Garriga is one of five children and grew up speaking Catalan as his first language. He considers himself 100% Spanish. Before becoming a politician Garriga worked as a dentist. He is married and has one daughter and three sons. He has worked as a professor at the Faculty of Dentistry of the International University of Catalonia.

Political career
Garriga was previously a member of the People's Party, but left in 2010 after disagreements on the party's stance on gay marriage, abortion, Spanish unity, and immigration.

Garriga joined Vox in 2014. Due to being the only black politician in the party he is sometimes described as the "Black Catalan of Vox" although Garriga rejects this label, arguing that he is Spanish, and that the name is racist. He supports mandatory deportation of illegal immigrants. Garriga has stated that Vox is Christian humanist, and the most accepting political party in Spain. Garriga identifies as Catalan but is strongly opposed to the Catalan independence movement.

Garriga was elected to the 13th Congress of Deputies in the April 2019 Spanish general election. He was re-elected to the 14th Congress of Deputies in the November 2019 Spanish general election. In 2020, he resigned his seat in the Congress after becoming a representative in the Catalan Parliament and was replaced by Carlos Segura.

He is the leader of Vox in Barcelona.
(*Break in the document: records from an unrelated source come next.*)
(* In a forest, two neighbours of [x] cannot be joined by a path avoiding [x]:
   together with [x] such a path would close a cycle. *)
Lemma forest_no_detour x y1 y2 : simple_graph e -> is_forest e ->
  e x y1 -> e x y2 -> y1 != y2 -> ~~ connect (gdel [set x]) y1 y2.
Proof.
move=> [sym irr] forest e1 e2 y12; apply/negP => /connectP [p pth E].
case: (shortenP pth) E => q qpth uq _ E.
have q0 : q != [::] by apply: contra_neq y12 => q0; rewrite E q0.
have ux : uniq (x :: y1 :: q).
  rewrite cons_uniq uq andbT inE negb_or; apply/andP; split.
    by apply: contraTneq e1 => ->; rewrite irr.
  by apply/negP => /(gdel_path_avoid qpth); rewrite inE eqxx.
have cyc : cycle e (x :: y1 :: q).
  rewrite /= e1 rcons_path -E sym e2 andbT.
  by apply: sub_path qpth => a b /and3P [].
have size3 : 3 <= size (x :: y1 :: q) by case: q q0 {qpth uq E ux cyc}.
by move: (forest _ ux size3); rewrite cyc.
Qed.

Lemma leaf_edge_spans x y : symmetric e -> connected_graph e ->
  e x y -> x \notin I -> y \notin I -> forall z, z \in [set x; y].
Proof.
move=> sym conn exy xI yI z.
apply: (connect_ind (P := fun z => z \in [set x; y])) (conn x z) (set21 x y).
move=> a b eab /set2P [] Ea; apply/set2P; rewrite Ea in eab.
  by right; apply: leaf_nb_unique xI exy eab.
by left; apply: leaf_nb_unique yI _ eab; rewrite sym.
Qed.

(* Two internal vertices of a connected graph with no other internal vertex
   are adjacent: a shortest path between them runs through internal
   vertices. *)
Lemma internal_pair_adjacent c d : simple_graph e -> connected_graph e ->
  I = [set c; d] -> c != d -> e c d.
Proof.
move=> [sym irr] conn Icd cd.
have cI : c \in I by rewrite Icd set21.
have dI : d \in I by rewrite Icd set22.
case/connectP: (internal_connect sym (conn c d) cI dI) => [[|q p]] /=.
  by move=> _ dc; move: cd; rewrite dc eqxx.
case/andP => /and3P [ecq _ qI] _ _; move: qI; rewrite Icd => /set2P [] Eq.
  by move: ecq; rewrite Eq irr.
by rewrite -Eq.
Qed.
End Graphs.

Section Complexes.
Variable T : finType.
Implicit Types (K : complex T) (s A B F G Y : {set T}) (v y : T).

Definition down_closed K := forall F G, F \in K -> G \subset F -> G \in K.

(* The link of an arbitrary vertex set [s]: the sets [A] disjoint from [s]
   with [A :|: s] a face; for down-closed [K], [link v K] is the link of
   [[set v]]. *)
Definition face_link s K : complex T :=
  [set A : {set T} | (A \subset ~: s) && (A :|: s \in K)].

Lemma setUDK_disjoint A s : A \subset ~: s -> (A :|: s) :\: s = A.
Proof. by rewrite setDUl setDv setU0 -disjoints_subset => /setDidPl. Qed.

Lemma setDUK_sub s G : s \subset G -> (G :\: s) :|: s = G.
Proof.
move=> /subsetP sG; apply/setP => x; rewrite !inE.
by case: (boolP (x \in s)) => [/sG ->|]; rewrite ?orbT ?andbT ?orbF.
Qed.

Lemma facetP K F :
  reflect (F \in K /\ forall G, G \in K -> F \subset G -> G = F) (is_facet K F).
Proof.
apply: (iffP andP) => [[FK /forall_inP maxF]|[FK maxF]]; split => //.
- by move=> G GK FG; apply/eqP; move: (maxF G GK); rewrite FG.
- by apply/forall_inP => G GK; apply/implyP => FG; rewrite (maxF G GK FG).
Qed.

(* Every face lies in a facet: take a face of maximal size above it. *)
Lemma facet_exists K F : F \in K -> exists2 G, is_facet K G & F \subset G.
Proof.
move=> FK; pose P := [pred G | (G \in K) && (F \subset G)].
have PF : P F by rewrite /= FK subxx.
case: (arg_maxnP (fun G => #|G|) PF) => G /andP [GK FG] maxG.
exists G => //; apply/facetP; split => // H HK GH.
apply/eqP; rewrite eq_sym eqEcard GH /=; apply: maxG.
by rewrite /= HK (subset_trans FG GH).
Qed.

Lemma powerset_facet A F : is_facet (powerset A) F -> F = A.
Proof.
by case/facetP; rewrite powersetE => FA maxF; apply/esym/maxF; rewrite ?powersetE.
Qed.

Lemma deletion_facet K v F :
  v \notin F -> is_facet K F -> is_facet (deletion v K) F.
Proof.
move=> vF /facetP [FK maxF]; apply/facetP; split; first by rewrite inE FK.
by move=> G; rewrite inE => /andP [GK _]; apply: maxF.
Qed.

Lemma face_link_facet K s A :
  is_facet (face_link s K) A = (A \subset ~: s) && is_facet K (A :|: s).
Proof.
apply/idP/andP => [/facetP [] | [As /facetP [AsK maxAs]]].
  rewrite inE => /andP [As AsK] maxA; split => //.
  apply/facetP; split => // G GK AsG.
  have sG : s \subset G by apply: subset_trans AsG; apply: subsetUr.
  rewrite -(setDUK_sub sG) (maxA (G :\: s)) // ?inE ?subsetDr ?setDUK_sub //.
  by rewrite subsetD (subset_trans (subsetUl A s) AsG) disjoints_subset.
apply/facetP; split => [|B]; first by rewrite inE As AsK.
rewrite inE => /andP [Bs BsK] AB.
by rewrite -(setUDK_disjoint Bs) (maxAs _ BsK (setSU _ AB)) setUDK_disjoint.
Qed.

Lemma down_closed_link K v : down_closed K -> down_closed (link v K).
Proof.
move=> dK F G; rewrite !inE => /and3P [FK vF vFK] GF.
rewrite (dK _ _ FK GF) (dK _ _ vFK (setUS _ GF)) andbT /=.
by apply: contra vF; apply/subsetP.
Qed.

Lemma down_closed_deletion K v : down_closed K -> down_closed (deletion v K).
Proof.
move=> dK F G; rewrite !inE => /andP [FK vF] GF.
by rewrite (dK _ _ FK GF) /=; apply: contra vF; apply/subsetP.
Qed.

Lemma face_link_link K s v :
  down_closed K -> v \in s -> face_link s K = face_link (s :\ v) (link v K).
Proof.
move=> dK vs; apply/setP => A; rewrite !inE.
have -> : v |: (A :|: s :\ v) = A :|: s.
  by apply/setP => x; rewrite !inE; case: (eqVneq x v) => // ->; rewrite vs orbT.
case AsK: (A :|: s \in K); rewrite ?andbF ?andbT //= eqxx /= orbF.
apply/idP/and3P => [/subsetP As | [/subsetP As _ vA]].
  have vA : v \notin A by apply/negP => /As; rewrite inE vs.
  split => //.
  - by apply/subsetP => x /As; rewrite !inE => /negbTE ->; rewrite andbF.
  - by apply: dK AsK _; apply: setUS; apply: subsetDl.
apply/subsetP => x xA; move: (As x xA); rewrite !inE negb_and negbK.
by case/orP => // /eqP xv; move: vA; rewrite -xv xA.
Qed.

Definition facet_adj K : rel {set T} := fun F G =>
  [&& is_facet K F, is_facet K G & (#|F :\: G| <= 1) || (#|G :\: F| <= 1)].

Definition facet_connected K :=
  forall F G, is_facet K F -> is_facet K G -> connect (facet_adj K) F G.

Lemma facet_adj_sym K : symmetric (facet_adj K).
Proof. by move=> F G; rewrite /facet_adj andbCA orbC. Qed.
In October 2022 he was promoted to secretary general of Vox.

See also
Bertrand Ndongo, Vox member born in Cameroon

References

1987 births
Living people
Politicians from Catalonia
Vox (political party) politicians
Spanish people of Equatoguinean descent
Spanish people of Belgian descent
Spanish people of Portuguese descent
People from Sant Cugat del Vallès
Politicians from Barcelona
Spanish dentists
Far-right politics in Catalonia
Members of the 13th Congress of Deputies (Spain)
Members of the 14th Congress of Deputies (Spain)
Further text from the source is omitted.